5. Explain CLT in your own words. Restrict your response to less than 50 words.

Given a random distribution and do sampling from it, the larger the sample size/ sample times is, the more the new distribution can be normally distributed. With a sufficiently large sample size, its mean will be same as the original distribution and its standard deviation will be sd/root(n).

6. Does this exercise help you understand CLT? If so why?
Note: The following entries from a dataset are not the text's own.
(* Let $V=\{0,1,2,3,4\}$ (so $n=3$), with nominal durations $\bar\theta_1=\bar\theta_2=\bar\theta_3=1$, maximum deviations $\hat\theta_1=\hat\theta_2=\hat\theta_3=1$, $\bar\theta_0=\hat\theta_0=\bar\theta_4=\hat\theta_4=0$, budget $\Gamma=1$, and let $y\in\{0,1\}^{V\times V}$ be given by $y_{ij}=1$ if and only if $(i,j)\in\{(0,1),(1,2),(1,3),(2,4),(3,4)\}$. For $M>0$ consider the mixed-integer program \[ \max\ \sum_{(i,j)\in V^2}\bigl(\bar\theta_i\alpha_{ij}+\hat\theta_i w_{ij}-M(1-y_{ij})\alpha_{ij}\bigr) \] subject to $\sum_{(j,i)\in V^2}\alpha_{ji}-\sum_{(i,j)\in V^2}\alpha_{ij}=0$ for all $j\in V$ (flow conservation: total flow into $j$ equals total flow out of $j$); $\sum_{i\in V}\alpha_{0i}=1$; $\sum_{i\in V}\alpha_{i4}=1$; $w_{ij}\le\delta_i$ and $w_{ij}\le\alpha_{ij}$ for all $(i,j)\in V^2$; $\sum_{i\in V}\delta_i\le\Gamma$; $0\le\delta_i\le1$ for all $i\in V$; $\alpha_{ij}\in\{0,1\}$ and $w_{ij}\ge0$ for all $(i,j)\in V^2$. Then for all sufficiently large $M$, the optimal value of the linear relaxation of this program (obtained by replacing $\alpha_{ij}\in\{0,1\}$ with $\alpha_{ij}\in[0,1]$) is strictly greater than the optimal value of the mixed-integer program itself; in particular the program is not equivalent to its linear relaxation.
   Context: This program is the linearised adversarial sub-problem of the two-stage robust resource-constrained project scheduling problem: $V=\{0,\dots,n+1\}$ is the set of activities with dummy source $0$ and dummy sink $n+1$, $y_{ij}=1$ indicates that $(i,j)$ is a precedence arc of the (extended) project network, activity $i$ has duration $\bar\theta_i+\delta_i\hat\theta_i$, and an adversary chooses the delay fractions $\delta$ (with budget $\Gamma$) together with a unit flow $\alpha$ from the source to the sink so as to maximise the total duration along the flow. *)

From mathcomp Require Import all_boot all_order all_algebra.
Set Implicit Arguments. Unset Strict Implicit. Unset Printing Implicit Defensive.
Import Order.TTheory GRing.Theory Num.Theory.
Local Open Scope ring_scope.

(* Activities V = {0,1,2,3,4}: dummy source 0, dummy sink 4 (n = 3). *)
Definition V := 'I_5.
Definition src : V := inord 0.
Definition snk : V := inord 4.

Section Instance.
Variable R : realFieldType.

Definition thbar (i : V) : R := if (val i == 0%N) || (val i == 4%N) then 0 else 1.
Definition thhat (i : V) : R := if (val i == 0%N) || (val i == 4%N) then 0 else 1.
Definition Gamma : R := 1.

Definition yarc (i j : V) : bool :=
  (val i, val j) \in [:: (0,1); (1,2); (1,3); (2,4); (3,4)]%N.
Definition y (i j : V) : R := if yarc i j then 1 else 0.

Definition objective (M : R) (alpha w : V -> V -> R) : R :=
  \sum_(i : V) \sum_(j : V)
     (thbar i * alpha i j + thhat i * w i j - M * (1 - y i j) * alpha i j).

Definition common_constraints (alpha w : V -> V -> R) (delta : V -> R) : Prop :=
  (forall j : V, \sum_(i : V) alpha i j = \sum_(i : V) alpha j i) /\
  \sum_(i : V) alpha src i = 1 /\
  \sum_(i : V) alpha i snk = 1 /\
  (forall i j : V, w i j <= delta i /\ w i j <= alpha i j) /\
  \sum_(i : V) delta i <= Gamma /\
  (forall i : V, 0 <= delta i <= 1) /\
  (forall i j : V, 0 <= w i j).

Definition MIP_feasible (alpha w : V -> V -> R) (delta : V -> R) : Prop :=
  common_constraints alpha w delta /\ (forall i j : V, alpha i j = 0 \/ alpha i j = 1).

Definition LP_feasible (alpha w : V -> V -> R) (delta : V -> R) : Prop :=
  common_constraints alpha w delta /\ (forall i j : V, 0 <= alpha i j <= 1).

Definition is_opt_value
    (feas : (V -> V -> R) -> (V -> V -> R) -> (V -> R) -> Prop)
    (f : (V -> V -> R) -> (V -> V -> R) -> R) (v : R) : Prop :=
  (exists alpha w delta, feas alpha w delta /\ f alpha w = v) /\
  (forall alpha w delta, feas alpha w delta -> f alpha w <= v).

End Instance.

From mathcomp Require Import all_boot all_order all_algebra.
From mathcomp Require Import ring lra.
Set Implicit Arguments. Unset Strict Implicit. Unset Printing Implicit Defensive.
Import Order.TTheory GRing.Theory Num.Theory.
Local Open Scope ring_scope.

(* Write the objective as [gain - M * penalty], the penalty being the total
   flow on non-arcs.  Conservation at the source sends one unit of flow back
   into it, and no arc enters the source, so [penalty >= 1].  Every feasible
   point satisfies [gain <= v + 5 * (penalty - 1)], with [v = 3] for the MIP
   and [v = 7/2] for the relaxation, so for [M >= 5] the optimal values are
   [v - M], attained by circulations closed by the non-arc (4,0).
   For 0/1 flows the linearisation [w_ij <= min(delta_i, alpha_ij)] is exact:
   a path collects at most [Gamma = 1] unit of delay on top of its two unit
   durations.  The relaxation instead splits the flow in halves over 1->2->4
   and 1->3->4 with delta = (1/2, 1/4, 1/4) on (1, 2, 3), which gives
   [w_12 = w_13 = 1/2] and [w_24 = w_34 = 1/4]: 3/2 units of delay. *)

Definition i0 : V := @Ordinal 5 0 isT.
Definition i1 : V := @Ordinal 5 1 isT.
Definition i2 : V := @Ordinal 5 2 isT.
Definition i3 : V := @Ordinal 5 3 isT.
Definition i4 : V := @Ordinal 5 4 isT.

Lemma src_i0 : src = i0. Proof. by apply: val_inj; rewrite /= inordK. Qed.
Lemma snk_i4 : snk = i4. Proof. by apply: val_inj; rewrite /= inordK. Qed.

Lemma sum_V (R : nmodType) (F : V -> R) :
  \sum_(i : V) F i = F i0 + F i1 + F i2 + F i3 + F i4.
Proof.
rewrite !big_ord_recl big_ord0 addr0 !addrA.
by congr (_ + _ + _ + _ + _); congr F; apply: val_inj.
Qed.

Lemma forall_V (Q : V -> Prop) :
  Q i0 -> Q i1 -> Q i2 -> Q i3 -> Q i4 -> forall i, Q i.
Proof.
move=> Q0 Q1 Q2 Q3 Q4 [[|[|[|[|[|k]]]]] lt_k5] //.
- by rewrite (_ : Ordinal lt_k5 = i0) //; apply: val_inj.
- by rewrite (_ : Ordinal lt_k5 = i1) //; apply: val_inj.
- by rewrite (_ : Ordinal lt_k5 = i2) //; apply: val_inj.
- by rewrite (_ : Ordinal lt_k5 = i3) //; apply: val_inj.
- by rewrite (_ : Ordinal lt_k5 = i4) //; apply: val_inj.
Qed.

Ltac instantiate_V H :=
  let inst i := let Hi := fresh H in have Hi := H i; try instantiate_V Hi in
  inst i0; inst i1; inst i2; inst i3; inst i4; clear H.

Section Objective.
Variable R : realFieldType.
Implicit Types (M c v : R) (a w : V -> V -> R).

Definition outflow a (i : V) : R := \sum_(j : V) a i j.

Definition gain a w : R :=
  \sum_(i : V) \sum_(j : V) (thbar R i * a i j + thhat R i * w i j).

Definition penalty a : R := \sum_(i : V) \sum_(j : V) (1 - y R i j) * a i j.

Lemma objectiveE M a w : objective M a w = gain a w - M * penalty a.
Proof.
rewrite /objective /gain /penalty mulr_sumr -sumrB; apply: eq_bigr => i _.
rewrite mulr_sumr -sumrB; apply: eq_bigr => j _; ring.
Qed.

Lemma gainE a w : gain a w =
  outflow a i1 + outflow a i2 + outflow a i3 +
  (outflow w i1 + outflow w i2 + outflow w i3).
Proof. by rewrite /gain /outflow !sum_V /thbar /thhat /=; ring. Qed.

Lemma outflow_le_mul a w (delta : V -> R) i :
  (forall j, w i j <= delta i * a i j) -> outflow w i <= delta i * outflow a i.
Proof. by move=> le_w; rewrite /outflow mulr_sumr; apply: ler_sum => j _. Qed.

Lemma objective_le M c v a w :
  c <= M -> 1 <= penalty a -> gain a w <= v + c * (penalty a - 1) ->
  objective M a w <= v - M.
Proof.
move=> le_cM pen_ge1 gain_le; rewrite objectiveE.
have : 0 <= (M - c) * (penalty a - 1) by apply: mulr_ge0; lra.
lra.
Qed.

End Objective.

Section Circulation.
Variable R : realFieldType.
Implicit Types (a w : V -> V -> R) (delta : V -> R).

Definition unit_circulation a : Prop :=
  [/\ forall j, \sum_(i : V) a i j = \sum_(i : V) a j i,
      \sum_(i : V) a src i = 1, \sum_(i : V) a i snk = 1
    & forall i j, 0 <= a i j].

Lemma common_constraints_circulation a w delta :
  common_constraints a w delta -> (forall i j, 0 <= a i j) -> unit_circulation a.
Proof. by case=> conservation [src_out [snk_in _]] a_ge0; split. Qed.

Lemma LP_feasible_circulation a w delta :
  LP_feasible a w delta -> unit_circulation a.
Proof.
case=> feasible alpha01; apply: common_constraints_circulation feasible _ => i j.
by case/andP: (alpha01 i j).
Qed.

Lemma MIP_feasible_circulation a w delta :
  MIP_feasible a w delta -> unit_circulation a.
Proof.
case=> feasible binary; apply: common_constraints_circulation feasible _ => i j.
by case: (binary i j) => ->.
Qed.

End Circulation.

Ltac linearize :=
  repeat match goal with H : context [src] |- _ => rewrite src_i0 in H end;
  repeat match goal with H : context [snk] |- _ => rewrite snk_i4 in H end;
  repeat match goal with H : forall _ : V, _ |- _ => instantiate_V H end;
  repeat match goal with H : context [\sum_(_ : V) _] |- _ => rewrite sum_V /= in H end;
  rewrite /penalty /outflow /y /yarc ?sum_V /=.

Section CirculationBounds.
Variables (R : realFieldType) (a : V -> V -> R).
Hypothesis circulation : unit_circulation a.

Lemma penalty_ge1 : 1 <= penalty a.
Proof. case: circulation => conservation src_out snk_in a_ge0; linearize; lra. Qed.

Lemma inner_outflow_sum_le :
  outflow a i1 + outflow a i2 + outflow a i3 <= 2 + 2 * (penalty a - 1).
Proof. case: circulation => conservation src_out snk_in a_ge0; linearize; lra. Qed.

Lemma inner_outflow_le :
  [/\ outflow a i1 <= 1 + 2 * (penalty a - 1),
      outflow a i2 <= 1 + 2 * (penalty a - 1)
    & outflow a i3 <= 1 + 2 * (penalty a - 1)].
Proof. case: circulation => conservation src_out snk_in a_ge0; linearize; split; lra. Qed.

End CirculationBounds.

Lemma le_mul_binary (R : numDomainType) (x d w : R) :
  x = 0 \/ x = 1 -> w <= d -> w <= x -> w <= d * x.
Proof. by move=> [->|->] le_wd le_wx; rewrite ?mulr0 ?mulr1. Qed.

Section GainBounds.
Variable R : realFieldType.
Implicit Types (a w : V -> V -> R) (delta : V -> R).

Lemma LP_inner_delay_le a w delta :
  common_constraints a w delta -> (forall i j, 0 <= a i j) ->
  outflow w i1 + outflow w i2 + outflow w i3 <= 3 / 2 + 5 / 2 * (penalty a - 1).
Proof.
case=> conservation [src_out [snk_in [w_le [+ [delta01 _]]]]] a_ge0.
rewrite /Gamma => delta_sum; linearize.
(* On the two arcs leaving 1, use [w <= (delta_1 + alpha) / 2]. *)
lra.
Qed.

Lemma LP_gain_le a w delta :
  LP_feasible a w delta -> gain a w <= 7 / 2 + 5 * (penalty a - 1).
Proof.
move=> feasible; have circulation := LP_feasible_circulation feasible.
have := LP_inner_delay_le feasible.1 (fun i j => (andP (feasible.2 i j)).1).
have := inner_outflow_sum_le circulation; have := penalty_ge1 circulation.
rewrite gainE; lra.
Qed.

Lemma MIP_gain_le a w delta :
  MIP_feasible a w delta -> gain a w <= 3 + 5 * (penalty a - 1).
Proof.
move=> feasible; have circulation := MIP_feasible_circulation feasible.
case: feasible => -[_ [_ [_ [w_le [delta_sum [delta01 _]]]]]] binary.
have w_le_mul i : outflow w i <= delta i * outflow a i.
  by apply: outflow_le_mul => j; have [] := w_le i j; apply: le_mul_binary.
have [out1 out2 out3] := inner_outflow_le circulation.
have := inner_outflow_sum_le circulation; have := penalty_ge1 circulation.
move: delta_sum (w_le_mul i1) (w_le_mul i2) (w_le_mul i3).
move: (delta01 i0) (delta01 i1) (delta01 i2) (delta01 i3) (delta01 i4).
(* [sum_i delta_i * out_i <= (sum_i delta_i) * (1 + 2 p) <= 1 + 2 p], p = penalty - 1 *)
rewrite gainE /Gamma sum_V; nra.
Qed.

End GainBounds.

Section Witnesses.
Variable R : realFieldType.

Definition alpha_LP (i j : V) : R :=
  match val i, val j with
  | 0%N, 1%N | 4%N, 0%N => 1
  | 1%N, 2%N | 1%N, 3%N | 2%N, 4%N | 3%N, 4%N => 1 / 2
  | _, _ => 0
  end.

Definition w_LP (i j : V) : R :=
  match val i, val j with
  | 1%N, 2%N | 1%N, 3%N => 1 / 2
  | 2%N, 4%N | 3%N, 4%N => 1 / 4
  | _, _ => 0
  end.

Definition delta_LP (i : V) : R :=
  match val i with 1%N => 1 / 2 | 2%N | 3%N => 1 / 4 | _ => 0 end.

Definition alpha_MIP (i j : V) : R :=
  match val i, val j with
  | 0%N, 1%N | 1%N, 2%N | 2%N, 4%N | 4%N, 0%N => 1
  | _, _ => 0
  end.

Definition w_MIP (i j : V) : R := if (val i, val j) == (1, 2)%N then 1 else 0.

Definition delta_MIP (i : V) : R := if val i == 1%N then 1 else 0.

Lemma LP_feasible_witness : LP_feasible alpha_LP w_LP delta_LP.
Proof.
rewrite /LP_feasible /common_constraints src_i0 snk_i4 /Gamma.
repeat first [apply: forall_V | split].
all: by rewrite ?sum_V /alpha_LP /w_LP /delta_LP /=; lra.
Qed.

Lemma MIP_feasible_witness : MIP_feasible alpha_MIP w_MIP delta_MIP.
Proof.
rewrite /MIP_feasible /common_constraints src_i0 snk_i4 /Gamma.
repeat first [apply: forall_V | split].
all: by rewrite ?sum_V /alpha_MIP /w_MIP /delta_MIP /=; lra.
Qed.

Lemma objective_LP_witness M : objective M alpha_LP w_LP = 7 / 2 - M.
Proof.
by rewrite objectiveE gainE /penalty /outflow /y /yarc !sum_V /alpha_LP /w_LP /=; lra.
Qed.

Lemma objective_MIP_witness M : objective M alpha_MIP w_MIP = 3 - M.
Proof.
by rewrite objectiveE gainE /penalty /outflow /y /yarc !sum_V /alpha_MIP /w_MIP /=; lra.
Qed.

End Witnesses.

Lemma LP_opt_value (R : realFieldType) (M : R) :
  5 <= M -> is_opt_value (@LP_feasible R) (objective M) (7 / 2 - M).
Proof.
move=> le5M; split.
  exists (alpha_LP R), (w_LP R), (delta_LP R).
  by split; [exact: LP_feasible_witness | exact: objective_LP_witness].
move=> a w delta feasible; apply: objective_le le5M _ (LP_gain_le feasible).
exact/penalty_ge1/LP_feasible_circulation/feasible.
Qed.

Lemma MIP_opt_value (R : realFieldType) (M : R) :
  5 <= M -> is_opt_value (@MIP_feasible R) (objective M) (3 - M).
Proof.
move=> le5M; split.
  exists (alpha_MIP R), (w_MIP R), (delta_MIP R).
  by split; [exact: MIP_feasible_witness | exact: objective_MIP_witness].
move=> a w delta feasible; apply: objective_le le5M _ (MIP_gain_le feasible).
exact/penalty_ge1/MIP_feasible_circulation/feasible.
Qed.

Theorem mainTheorem1 (R : realFieldType) :
  exists M0 : R, forall M : R, 0 < M -> M0 <= M ->
    exists vLP vMIP : R,
      [/\ is_opt_value (@LP_feasible R) (objective M) vLP,
          is_opt_value (@MIP_feasible R) (objective M) vMIP &
          vMIP < vLP].
Proof.
exists 5 => M _ le5M; exists (7 / 2 - M), (3 - M).
by split; [exact: LP_opt_value | exact: MIP_opt_value | lra].
Qed.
If not, why not? Restrict your response to less than 50 words.

Yes, a gives a random distribution, ask us to use this distribution to do sampling and create 2 new distributions. With the increase of sample size, the more the distribution can be normally distributed and the smaller the deviation extent can be, indicating the importance of CLT in statistics analysis.